Lemos a Bíblia e, a cada vez que ela fala de pecado, cruz e arrependimento,
entendemos como uma mensagem dirigida aos pagãos. Nós já somos salvos e não
somos como os demais homens, pecadores e distantes de Deus.
Devagar começamos a nos sentir
especiais, bons crentes e não percebemos mais nossas falhas e pecados. Quanto
mais usados por Deus, mais corremos o risco de acharmos que temos tanto crédito
diante do Senhor, que Ele não se importa com nossos pequenos deslizes. A
própria dinâmica da Igreja estimula isto, pois vemos incoerências na vida de
alguns de nossos líderes, mas dizemos: “Ele é tão consagrado e usado por Deus
que não temos o direito de apontar suas falhas”.
Tornamo-nos arrogantes, donos da
verdade, com respostas prontas para tudo, superespirituais, legalistas, mas
tudo isto não passa de uma cortina de fumaça atrás da qual escondemos nossos
erros e pecados. Somos justos, ponto final: não precisamos mais de
quebrantamento e confissão.
A mensagem da Cruz é deslocada do
centro do Evangelho e substituída por uma busca de um “deus” que nos beneficie
materialmente. Sempre mais, sempre melhor, sempre uma novidade para contar. O
discurso se torna maior do que a vida. A fé se torna explicativa, posicional,
persuasiva, discursiva e moralista. Falamos muito de Cristo, mas pouco de
Cristo se vê nos nossos gestos e atitudes. Ministérios se tornam projetos
pessoais de poder e de lucro. A fé vira um negócio.
Nos tornamos parecidos com os
fariseus e os mercadores do Templo.
O
pecado do orgulho espiritual é o coroamento da sutiliza do mal que opera em
nós. Nos comparamos com bandidos e nos achamos santos. Nos tornamos enrijecidos
para pedir perdão e para perdoar. Mesmo surpreendidos em alguma falha, temos
uma capacidade enorme de nos justificar. Para isto, citamos a Bíblia, acusamos
pessoas e o diabo, manipulamos, mas nunca admitimos que estamos errados. Assim
são muitos pastores, maridos, pais e irmãos na fé.

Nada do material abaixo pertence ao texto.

(* Let $q$ be a prime power, $2\le n\le m$, and $0\ne\mathcal{C}\subseteq\mathrm{Mat}$ a rank-metric code. Then $d(\mathcal{C})=n+1-\min\{d\mid \rho_{\mathrm c}(\mathcal{C},J)=\dim(\mathcal{C})/m \text{ for all subspaces } J\subseteq\mathbb{F}_q^n\text{ with }\dim(J)=d\}=m+1-\min\{d\mid\rho_{\mathrm r}(\mathcal{C},K)=\dim(\mathcal{C})/n\text{ for all subspaces }K\subseteq\mathbb{F}_q^m\text{ with }\dim(K)=d\}$.
   Context: $\mathrm{Mat}$ is the $\mathbb{F}_q$-space of $n\times m$ matrices over $\mathbb{F}_q$; a rank-metric code is an $\mathbb{F}_q$-linear subspace, with minimum distance $d(\mathcal{C})=\min\{\mathrm{rk}(M)\mid M\in\mathcal{C},M\ne0\}$. For subspaces $J\subseteq\mathbb{F}_q^n$, $K\subseteq\mathbb{F}_q^m$: $\mathcal{C}(J,\mathrm c)=\{M\in\mathcal{C}\mid\mathrm{colsp}(M)\subseteq J\}$, $\mathcal{C}(K,\mathrm r)=\{M\in\mathcal{C}\mid\mathrm{rowsp}(M)\subseteq K\}$, $\rho_{\mathrm c}(\mathcal{C},J)=(\dim\mathcal{C}-\dim\mathcal{C}(J^\perp,\mathrm c))/m$, $\rho_{\mathrm r}(\mathcal{C},K)=(\dim\mathcal{C}-\dim\mathcal{C}(K^\perp,\mathrm r))/n$, with $\perp$ the orthogonal complement for the standard inner product. *)

From HB Require Import structures.
From mathcomp Require Import all_boot all_order all_algebra all_field.
Set Implicit Arguments. Unset Strict Implicit. Unset Printing Implicit Defensive.
Import GRing.Theory.
Local Open Scope ring_scope.

(* F plays the role of F_q (any finite field; q = #|F|).
   Subspaces J of F^n are represented by matrices J : 'M[F]_n through their
   row space (mxalgebra); dim J = \rank J.  For M : 'M_(n,m),
   colsp(M) <= J  <->  (M^T <= J)%MS,  rowsp(M) <= K  <->  (M <= K)%MS. *)

Section Defs.
Variables (F : finFieldType) (n m : nat).

Definition perpmx (k : nat) (J : 'M[F]_k) : 'M[F]_k := kermx J^T.

(* minimum rank of a nonzero element of C (default n, irrelevant for C != 0) *)
Definition min_dist (C : {vspace 'M[F]_(n, m)}) : nat :=
  \big[minn/n]_(M : 'M[F]_(n, m) | (M \in C) && (M != 0)) \rank M.

(* C(J, c) and C(K, r), as the spans of the (already linear) sets *)
Definition subcode_c (C : {vspace 'M[F]_(n, m)}) (J : 'M[F]_n)
  : {vspace 'M[F]_(n, m)} :=
  <<[seq M <- enum 'M[F]_(n, m) | (M \in C) && (M^T <= J)%MS]>>%VS.

Definition subcode_r (C : {vspace 'M[F]_(n, m)}) (K : 'M[F]_m)
  : {vspace 'M[F]_(n, m)} :=
  <<[seq M <- enum 'M[F]_(n, m) | (M \in C) && (M <= K)%MS]>>%VS.

Definition rho_c (C : {vspace 'M[F]_(n, m)}) (J : 'M[F]_n) : rat :=
  ((\dim C)%:R - (\dim (subcode_c C (perpmx J)))%:R) / m%:R.

Definition rho_r (C : {vspace 'M[F]_(n, m)}) (K : 'M[F]_m) : rat :=
  ((\dim C)%:R - (\dim (subcode_r C (perpmx K)))%:R) / n%:R.

(* min { d | rho_c(C,J) = dim C / m for all J with dim J = d }.
   d = n always qualifies and no subspace has dimension > n, so the min over
   d <= n is the min over all d. *)
Definition dmin_c (C : {vspace 'M[F]_(n, m)}) : nat :=
  \big[minn/n]_(d < n.+1 |
     [forall J : 'M[F]_n, (\rank J == d) ==>
        (rho_c C J == (\dim C)%:R / m%:R)]) (d : nat).

Definition dmin_r (C : {vspace 'M[F]_(n, m)}) : nat :=
  \big[minn/m]_(d < m.+1 |
     [forall K : 'M[F]_m, (\rank K == d) ==>
        (rho_r C K == (\dim C)%:R / n%:R)]) (d : nat).

End Defs.

(** A nonzero codeword has rank at most [r] iff its column (resp. row)
    space lies in [J^perp] for some [J] of dimension [k - r], since any
    subspace of dimension [<= r] is orthogonal to such a [J].  Hence
    [rho_c(C, J) = dim C / m], i.e. [C(J^perp, c) = 0], holds for every [J]
    of dimension [d] iff [n - d < d(C)], and the least such [d] is
    [n + 1 - d(C)]. *)

From HB Require Import structures.
From mathcomp Require Import all_boot all_order all_algebra all_field.
From mathcomp Require Import zify.
Local Open Scope ring_scope.
Import GRing.Theory Num.Theory.
Set Implicit Arguments. Unset Strict Implicit.

Lemma geq_bigmin_cond (I : finType) (P : pred I) (G : I -> nat) x i :
  P i -> (\big[minn/x]_(j | P j) G j <= G i)%N.
Proof.
rewrite unlock; have : i \in index_enum I by rewrite mem_index_enum.
elim: (index_enum I) => // a r IH; rewrite inE /=.
case/orP=> [/eqP<- -> | /IH le /le]; first exact: geq_minl.
by case: (P a) => //; apply: leq_trans; apply: geq_minr.
Qed.

Lemma leq_bigmin (I : finType) (P : pred I) (G : I -> nat) x t :
  (t <= x)%N -> (forall i, P i -> t <= G i)%N ->
  (t <= \big[minn/x]_(i | P i) G i)%N.
Proof.
move=> tx tG; apply: (big_ind (fun v => t <= v)%N) => // a b ta tb.
by rewrite leq_min ta tb.
Qed.

Lemma bigmin_ord_threshold k t (Q : pred 'I_k.+1) :
  (t <= k)%N -> (forall d : 'I_k.+1, Q d = (t <= d)%N) ->
  \big[minn/k]_(d < k.+1 | Q d) (d : nat) = t.
Proof.
move=> tk Qt; apply/eqP; rewrite eqn_leq leq_bigmin ?andbT //; last first.
  by move=> d; rewrite Qt.
by apply: (@geq_bigmin_cond _ _ _ _ (Ordinal (tk : t < k.+1)%N)); rewrite Qt.
Qed.

Section Orthogonality.
Variable F : fieldType.

Lemma sub_kermx_trC p q k (U : 'M[F]_(p, k)) (V : 'M[F]_(q, k)) :
  (U <= kermx V^T)%MS = (V <= kermx U^T)%MS.
Proof. by rewrite !sub_kermx -trmx_eq0 trmx_mul trmxK. Qed.

Lemma exists_submx_rank p k (B : 'M[F]_(p, k)) d :
  (d <= \rank B)%N -> exists J : 'M[F]_k, \rank J = d /\ (J <= B)%MS.
Proof.
move=> dB; exists ((pid_mx d : 'M_(k, \rank B)) *m row_base B); split.
  rewrite mxrankMfree ?row_base_free // rank_pid_mx //.
  exact: leq_trans dB (rank_leq_col B).
by rewrite (submx_trans (submxMl _ _)) // eq_row_base.
Qed.

End Orthogonality.

Lemma exists_perpmx_sup (F : finFieldType) p k (U : 'M[F]_(p, k)) r :
  (\rank U <= r)%N ->
  exists J : 'M[F]_k, \rank J = (k - r)%N /\ (U <= perpmx J)%MS.
Proof.
move=> Ur; have [J [rJ sJ]] : exists J : 'M[F]_k,
    \rank J = (k - r)%N /\ (J <= kermx U^T)%MS.
  by apply: exists_submx_rank; rewrite mxrank_ker mxrank_tr leq_sub2l.
by exists J; rewrite /perpmx sub_kermx_trC.
Qed.

Lemma rank_perpmx (F : finFieldType) k (J : 'M[F]_k) :
  \rank (perpmx J) = (k - \rank J)%N.
Proof. by rewrite /perpmx mxrank_ker mxrank_tr. Qed.

Lemma subr_div_eq (K : fieldType) (a b c : K) :
  c != 0 -> ((a - b) / c == a / c) = (b == 0).
Proof.
by move=> c0; rewrite -subr_eq0 -mulrBl mulf_eq0 invr_eq0 (negPf c0) orbF
  addrAC subrr add0r oppr_eq0.
Qed.

Lemma span_filter_eq0 (F : finFieldType) n m (P : pred 'M[F]_(n, m)) :
  (<<[seq M <- enum 'M[F]_(n, m) | P M]>> == 0)%VS =
  [forall M, P M ==> (M == 0)].
Proof.
apply/eqP/forallP => [span0 M | P0].
  apply/implyP => PM; rewrite -memv0 -span0 memv_span //.
  by rewrite mem_filter PM mem_enum.
apply/eqP; rewrite -subv0; apply/span_subvP => M.
by rewrite mem_filter => /andP[/(implyP (P0 M))/eqP-> _]; rewrite mem0v.
Qed.

Section RankMetricCode.
Variables (F : finFieldType) (n m : nat) (C : {vspace 'M[F]_(n, m)}).
Hypothesis C0 : C != 0%VS.

Lemma min_dist_leq M : M \in C -> M != 0 -> (min_dist C <= \rank M)%N.
Proof. by move=> MC M0; apply: geq_bigmin_cond; rewrite MC M0. Qed.

Lemma min_distP r :
  reflect (forall M, M \in C -> M != 0 -> (r < \rank M)%N) (r < min_dist C)%N.
Proof.
apply: (iffP idP) => [r_lt M MC M0 | r_lt].
  exact: leq_trans r_lt (min_dist_leq MC M0).
have vC0 : vpick C != 0 by rewrite vpick0.
apply: leq_bigmin => [|M /andP[MC M0]]; last exact: r_lt.
exact: leq_trans (r_lt _ (memv_pick C) vC0) (rank_leq_row _).
Qed.

Lemma min_dist_gt0 : (0 < min_dist C)%N.
Proof. by apply/min_distP => M _; rewrite lt0n mxrank_eq0. Qed.

Lemma min_dist_leq_row : (min_dist C <= n)%N.
Proof.
by rewrite (leq_trans (min_dist_leq (memv_pick C) _)) ?vpick0 ?rank_leq_row.
Qed.

Lemma min_dist_leq_col : (min_dist C <= m)%N.
Proof.
by rewrite (leq_trans (min_dist_leq (memv_pick C) _)) ?vpick0 ?rank_leq_col.
Qed.

Lemma perpmx_free_min_dist p k (g : 'M[F]_(n, m) -> 'M[F]_(p, k))
    (rank_g : forall M, \rank (g M) = \rank M) d :
  (d <= k)%N ->
  [forall J : 'M[F]_k, (\rank J == d) ==>
     [forall M, (M \in C) && (g M <= perpmx J)%MS ==> (M == 0)]]
  = (k - d < min_dist C)%N.
Proof.
move=> dk; apply/idP/idP => [/forallP allJ | /min_distP d_lt].
  apply/min_distP => M MC M0; rewrite ltnNge; apply/negP => rM.
  have [|J [rJ sJ]] := @exists_perpmx_sup _ _ _ (g M) (k - d).
    by rewrite rank_g.
  move: (allJ J); rewrite rJ subKn // eqxx => /forallP/(_ M).
  by rewrite MC sJ (negPf M0).
apply/forallP => J; apply/implyP => /eqP rJ; apply/forallP => M.
apply/implyP => /andP[MC sM]; apply: contraT => M0.
by have := mxrankS sM; rewrite rank_g rank_perpmx rJ leqNgt d_lt.
Qed.

Lemma rho_c_maxE J : (0 < m)%N ->
  (rho_c C J == (\dim C)%:R / m%:R) =
  [forall M, (M \in C) && (M^T <= perpmx J)%MS ==> (M == 0)].
Proof.
move=> m_gt0; rewrite subr_div_eq ?pnatr_eq0 -?lt0n //.
by rewrite dimv_eq0 span_filter_eq0.
Qed.

Lemma rho_r_maxE K : (0 < n)%N ->
  (rho_r C K == (\dim C)%:R / n%:R) =
  [forall M, (M \in C) && (M <= perpmx K)%MS ==> (M == 0)].
Proof.
move=> n_gt0; rewrite subr_div_eq ?pnatr_eq0 -?lt0n //.
by rewrite dimv_eq0 span_filter_eq0.
Qed.

Lemma dmin_cE : (0 < m)%N -> dmin_c C = (n.+1 - min_dist C)%N.
Proof.
move=> m_gt0; have d_gt0 := min_dist_gt0; have d_le := min_dist_leq_row.
apply: bigmin_ord_threshold => [|d]; first lia.
have d_le_n : (d <= n)%N by rewrite -ltnS.
transitivity (n - d < min_dist C)%N; last by apply/idP/idP; lia.
rewrite -(perpmx_free_min_dist (@mxrank_tr F n m)) //.
by apply: eq_forallb => J; rewrite rho_c_maxE.
Qed.

Lemma dmin_rE : (0 < n)%N -> dmin_r C = (m.+1 - min_dist C)%N.
Proof.
move=> n_gt0; have d_gt0 := min_dist_gt0; have d_le := min_dist_leq_col.
apply: bigmin_ord_threshold => [|d]; first lia.
have d_le_m : (d <= m)%N by rewrite -ltnS.
transitivity (m - d < min_dist C)%N; last by apply/idP/idP; lia.
rewrite -(perpmx_free_min_dist (g := id) (fun M => erefl)) //.
by apply: eq_forallb => K; rewrite rho_r_maxE.
Qed.

End RankMetricCode.

Theorem corollary5p3 (F : finFieldType) (n m : nat) (C : {vspace 'M[F]_(n, m)}) :
  (2 <= n)%N -> (n <= m)%N -> C != 0%VS ->
  min_dist C = (n.+1 - dmin_c C)%N /\ min_dist C = (m.+1 - dmin_r C)%N.
Proof.
move=> n_ge2 n_le_m C0; have n_gt0 : (0 < n)%N by lia.
rewrite dmin_cE ?dmin_rE //; last exact: leq_trans n_le_m.
have := min_dist_gt0 C0; have := min_dist_leq_row C0.
have := min_dist_leq_col C0; lia.
Qed.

Quanto mais fariseus nos tornamos,
mais sofisticamos nosso discurso teológico e mergulhamos no ativismo, pois
discutir o sexo dos anjos e agitação ministerial se tornam mecanismos de defesa
para que ninguém, nem Deus, se aproxime de nós.
Infelizmente,
os critérios de avaliação da nossa fé são cada vez mais empresariais: liderança
empreendedora, desempenho, sucesso, eloqüência, crescimento numérico, poder
midiático e político. Passamos a viver duas realidades: de um lado a vida
pública, com seus discursos e eventos espetaculares, do outro a vida privada, a
cabeça no travesseiro, os vínculos familiares e relacionamentos afetivos
adoecidos.
Uma
espiritualidade esvaziada de nossa humanidade, que erra, que chora, que se
irrita, que sente raiva, que tem dúvidas, é irreal, hipócrita, fantasiosa,
farisaica... Não há fé cristã senão alinhada com a Cruz. Isto é, quanto mais
espirituais nos tornamos, mais percebemos a dinâmica do pecado nos labirintos
secretos do nosso coração, e, portanto, mais quebrantados nos tornamos.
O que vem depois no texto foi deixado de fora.